[SOURCE DATA]
(* A Tietze transformation: besides the old relations, rewritten through [p], the new
   relations identify each new generator with an old-generator expression [q j]. *)
Lemma fin_presented_generators (D : algebra L) k (h : Fin.t k -> D) :
  in_var E D -> fin_presented E D -> (forall d, exists a, eval D h a = d) ->
  exists R, forall a b, eval D h a = eval D h b <-> fp_cong E k R a b.
Proof.
  intros HD (n & R0 & g & Hg & HR0) Hh.
  destruct (functional_choice (fun i a => eval D h a = g i) (fun i => Hh (g i))) as [p Hp].
  destruct (functional_choice (fun j a => eval D g a = h j) (fun j => Hg (h j))) as [q Hq].
  set (R := map (fun ab => (subst p (fst ab), subst p (snd ab))) R0
            ++ map (fun j => (Var j, subst p (q j))) (fin_enum k)).
  assert (Hhp : forall a, eval D h (subst p a) = eval D g a).
  { intro a; rewrite eval_subst; f_equal; extensionality i; apply Hp. }
  assert (Hgq : forall a, eval D g (subst q a) = eval D h a).
  { intro a; rewrite eval_subst; f_equal; extensionality j; apply Hq. }
  assert (Hpq : forall a, fp_cong E k R a (subst p (subst q a))).
  { induction a as [j|f ts IH]; [|apply fc_compat, IH].
    apply fc_R, in_or_app; right; apply in_map_iff; exists j; split;
      [reflexivity | apply fin_enum_complete]. }
  exists R; intros a b; split.
  - intro Hab.
    eapply fc_trans; [apply Hpq|]; eapply fc_trans; [|apply fc_sym, Hpq].
    apply (fp_cong_subst n k R0); [intros c d Hcd | apply HR0; rewrite !Hgq; exact Hab].
    apply fc_R, in_or_app; left; apply in_map_iff; exists (c, d); auto.
  - apply fp_cong_sound; [exact HD|]; intros c d Hcd.
    apply in_app_or in Hcd as [Hcd|Hcd]; apply in_map_iff in Hcd.
    + destruct Hcd as ([c' d'] & [= <- <-] & Hin).
      rewrite !Hhp; apply HR0, fc_R, Hin.
    + destruct Hcd as (j & [= <- <-] & _); simpl; rewrite Hhp, Hq; reflexivity.
Qed.

Section Subalgebras.
Context (A : algebra L) (n : nat) (g : Fin.t n -> A).

Definition sub_gen_gens (i : Fin.t n) : sub_gen A n g := exist _ (g i) (gen_base A n g i).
[/SOURCE DATA]
→ **BRIEF**:
When you reach the line that contains "in_var E D ->", stop; that line and every line before it, from the very first line of the data, should be restated word for word.

→ **SOLUTION**:
(* A Tietze transformation: besides the old relations, rewritten through [p], the new
   relations identify each new generator with an old-generator expression [q j]. *)
Lemma fin_presented_generators (D : algebra L) k (h : Fin.t k -> D) :
  in_var E D -> fin_presented E D -> (forall d, exists a, eval D h a = d) ->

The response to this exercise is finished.